An Anagram is a word or phrase formed by rearranging the letters of a different word or phrase, typically using all the original letters exactly once.
The First Attempts
var isAnagram = function(s, t) {
if(s.sort() === t.sort()) {
return true;
}
return false;
};
I know it cannot possibly be this easy, but I truly whiteboarded it as if I was in a Google interview. I also know there’s a way to sort in Javascript, but it might involve turning the strings into arrays. Now to actually run the code, find out I’m horribly wrong, and then try, try again.
I quickly, beautifully turn my strings into sorted arrays and then discover, to my horror, that arrays can’t be compared. So I have two options. First, I can turn the sorted arrays back into strings and compare them. I believe that’s called “brute force”. Second, I can figure out a more graceful approach, which might involve splicing and/or popping…
The Solution
var isAnagram = function(s, t) {
const sArray = s.split('');
const tArray = t.split('');
const sArraySorted = sArray.sort();
const tArraySorted = tArray.sort();
if(sArraySorted.toString() === tArraySorted.toString()) {
return true;
}
return false;
};
My brute force works! It is 9:25 pm as I am typing these words, meaning that I am one minute short of the estimated 15 minutes it would take to do this problem! And yet. I am unsatisfied. I have to do it more prettily.
…
More prettily ends up not working. Jarrod gets home from work around 9:45 and finds me still working on splicing and dicing. I shut my computer down for the night. The next morning I get a bit further, but the approach I’m trying is still not working, so I decide that it’s time to officially move on.
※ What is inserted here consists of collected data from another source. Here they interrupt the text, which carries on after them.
(* Triangle inequality; in the complex case this is Cauchy-Schwarz in R^2. *)
Lemma sabs_triang (a b : scal k) : sabs k (sadd k a b) <= sabs k a + sabs k b.
Proof.
  destruct k; simpl. apply Rabs_triang.
  destruct a as [x y], b as [u v]; unfold Cabs, Cadd; cbn [Re Im].
  set (p := x ^ 2 + y ^ 2). set (q := u ^ 2 + v ^ 2).
  assert (Hp : 0 <= p) by (unfold p; nra). assert (Hq : 0 <= q) by (unfold q; nra).
  assert (Hcs : x * u + y * v <= sqrt p * sqrt q).
  { rewrite <- sqrt_mult by auto.
    destruct (Rle_or_lt (x * u + y * v) 0) as [Hneg | Hpos].
    - pose proof (sqrt_pos (p * q)). lra.
    - rewrite <- (sqrt_pow2 (x * u + y * v)) by lra. apply sqrt_le_1_alt.
      unfold p, q. pose proof (pow2_ge_0 (x * v - y * u)). nra. }
  apply Rsqr_incr_0_var; [| pose proof (sqrt_pos p); pose proof (sqrt_pos q); lra].
  unfold Rsqr. rewrite (sqrt_sqrt ((x + u) ^ 2 + (y + v) ^ 2))
    by (pose proof (pow2_ge_0 (x + u)); pose proof (pow2_ge_0 (y + v)); lra).
  replace ((sqrt p + sqrt q) * (sqrt p + sqrt q))
    with (sqrt p * sqrt p + sqrt q * sqrt q + 2 * (sqrt p * sqrt q)) by ring.
  rewrite !sqrt_sqrt by auto. unfold p, q in *. lra.
Qed.

Lemma sabs_sub_sym (a b : scal k) : sabs k (ssub k a b) = sabs k (ssub k b a).
Proof. rewrite <- sabs_opp. f_equal. ring. Qed.

Lemma sabs_sub_triang (a b c : scal k) :
  sabs k (ssub k a c) <= sabs k (ssub k a b) + sabs k (ssub k b c).
Proof. replace (ssub k a c) with (sadd k (ssub k a b) (ssub k b c)) by ring. apply sabs_triang. Qed.

Lemma sabs_reverse_triang (a b : scal k) : Rabs (sabs k a - sabs k b) <= sabs k (ssub k a b).
Proof.
  pose proof (sabs_triang (ssub k a b) b) as H1.
  pose proof (sabs_triang (ssub k b a) a) as H2.
  replace (sadd k (ssub k a b) b) with a in H1 by ring.
  replace (sadd k (ssub k b a) a) with b in H2 by ring.
  rewrite sabs_sub_sym in H2. apply Rabs_le. lra.
Qed.

(* The scalar field is nontrivial, so C(K) contains two distinct constants. *)
Lemma sofR_1_neq_0 : sofR k 1 <> sofR k 0.
Proof. intros E. apply (f_equal (sabs k)) in E. rewrite !sabs_ofR, Rabs_R1, Rabs_R0 in E. lra. Qed.

(* Conjugation: [conj a * a = |a|^2], the scalar that norms a point evaluation. *)
Definition sconj : scal k -> scal k :=
  match k with RealCase => fun r => r | ComplexCase => fun z => mkC (Re z) (- Im z) end.

Lemma sabs_conj (a : scal k) : sabs k (sconj a) = sabs k a.
Proof.
  unfold sconj; destruct k; simpl; [reflexivity|].
  destruct a; unfold Cabs; simpl. f_equal. ring.
Qed.

Lemma conj_mul (a : scal k) : smul k (sconj a) a = sofR k (sabs k a * sabs k a).
Proof.
  unfold sconj; destruct k; simpl.
  - rewrite <- Rabs_mult, Rabs_right by nra. reflexivity.
  - destruct a as [x y]; unfold Cmul, CofR, Cabs; simpl.
    rewrite sqrt_sqrt by nra. f_equal; ring.
Qed.

Definition radial (b g : R) (w : scal k) : scal k := smul k (sofR k (b / Rmax (sabs k w) g)) w.

Lemma sabs_radial b g w : sabs k (radial b g w) = Rabs (b / Rmax (sabs k w) g) * sabs k w.
Proof. unfold radial. rewrite sabs_mul, sabs_ofR. reflexivity. Qed.

Lemma radial_lipschitz b g (w w' : scal k) : 0 <= b -> 0 < g ->
  sabs k (ssub k (radial b g w) (radial b g w')) <= 2 * b / g * sabs k (ssub k w w').
Proof.
  intros Hb Hg. unfold radial.
  set (c := b / Rmax (sabs k w) g). set (c' := b / Rmax (sabs k w') g).
  replace (ssub k (smul k (sofR k c) w) (smul k (sofR k c') w'))
    with (sadd k (smul k (sofR k c) (ssub k w w')) (smul k (sofR k (c - c')) w'))
    by (rewrite sofR_sub; ring).
  eapply Rle_trans; [apply sabs_triang|]. rewrite !sabs_mul, !sabs_ofR.
  apply radial_factor_lipschitz; auto using sabs_nonneg, sabs_reverse_triang.
Qed.

(** ** The space C(K) *)

Section FunctionSpace.
Variable K : Type.
Variable opens : (K -> Prop) -> Prop.
Hypothesis top : is_topology opens.
Hypothesis cpt : is_compact opens.
Hypothesis inh : inhabited K.

Local Notation cont := (inCK k K opens).
Local Notation nrm := (norm k K).
Local Notation sub := (fsub k K).

Lemma cont_const (a : scal k) : cont (fun _ => a).
Proof.
  intros x e He. exists (fun _ => True). split; [apply top | split; auto].
  intros y _. replace (ssub k a a) with (sofR k 0) by ring.
  rewrite sabs_ofR, Rabs_R0. exact He.
Qed.

Lemma cont_lipschitz_comp (F : scal k -> scal k) L (f : fn k K) : 0 <= L ->
  (forall w w', sabs k (ssub k (F w) (F w')) <= L * sabs k (ssub k w w')) ->
  cont f -> cont (fun t => F (f t)).
Proof.
  intros HL HF Hf x e He.
  destruct (Hf x (e / (L + 1))) as [U [HU [Ux HUf]]]; [apply Rdiv_lt_0_compat; lra|].
  exists U. split; [exact HU | split; [exact Ux|]]. intros y Uy.
  specialize (HUf y Uy). pose proof (sabs_nonneg (ssub k (f y) (f x))).
  apply Rmult_lt_compat_l with (r := L + 1) in HUf; [|lra].
  replace ((L + 1) * (e / (L + 1))) with e in HUf by (field; lra).
  eapply Rle_lt_trans; [apply HF | nra].
Qed.

Lemma cont_combine (op : scal k -> scal k -> scal k) (f g : fn k K) :
  (forall a b c d,
     sabs k (ssub k (op a b) (op c d)) <= sabs k (ssub k a c) + sabs k (ssub k b d)) ->
  cont f -> cont g -> cont (fun t => op (f t) (g t)).
Proof.
  intros Hop Hf Hg x e He.
  destruct (Hf x (e / 2)) as [U [HU [Ux HUf]]]; [lra|].
  destruct (Hg x (e / 2)) as [V [HV [Vx HVg]]]; [lra|].
  exists (fun z => U z /\ V z). split; [apply top; assumption | split; [auto|]].
  intros y [Uy Vy]. eapply Rle_lt_trans; [apply Hop|].
  specialize (HUf y Uy). specialize (HVg y Vy). lra.
Qed.

Lemma cont_add (f g : fn k K) : cont f -> cont g -> cont (fadd k K f g).
Proof.
  apply (cont_combine (sadd k)). intros a b c d.
  replace (ssub k (sadd k a b) (sadd k c d)) with (sadd k (ssub k a c) (ssub k b d)) by ring.
  apply sabs_triang.
Qed.

Lemma cont_sub (f g : fn k K) : cont f -> cont g -> cont (sub f g).
Proof.
  apply (cont_combine (fun a b => ssub k a b)). intros a b c d.
  replace (ssub k (ssub k a b) (ssub k c d)) with (sadd k (ssub k a c) (sopp k (ssub k b d)))
    by ring.
  rewrite <- (sabs_opp (ssub k b d)). apply sabs_triang.
Qed.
In any case, would my second attempt really have been much more efficient? The approach was to turn s and t into arrays and splice out the matching letters, hopefully ending up with empty arrays. But having to search arrays over and over again seems to be…not a great solution. I’ll Neetcode this one and move on.
What I Learned
- Arrays can’t be compared against each other! Darn.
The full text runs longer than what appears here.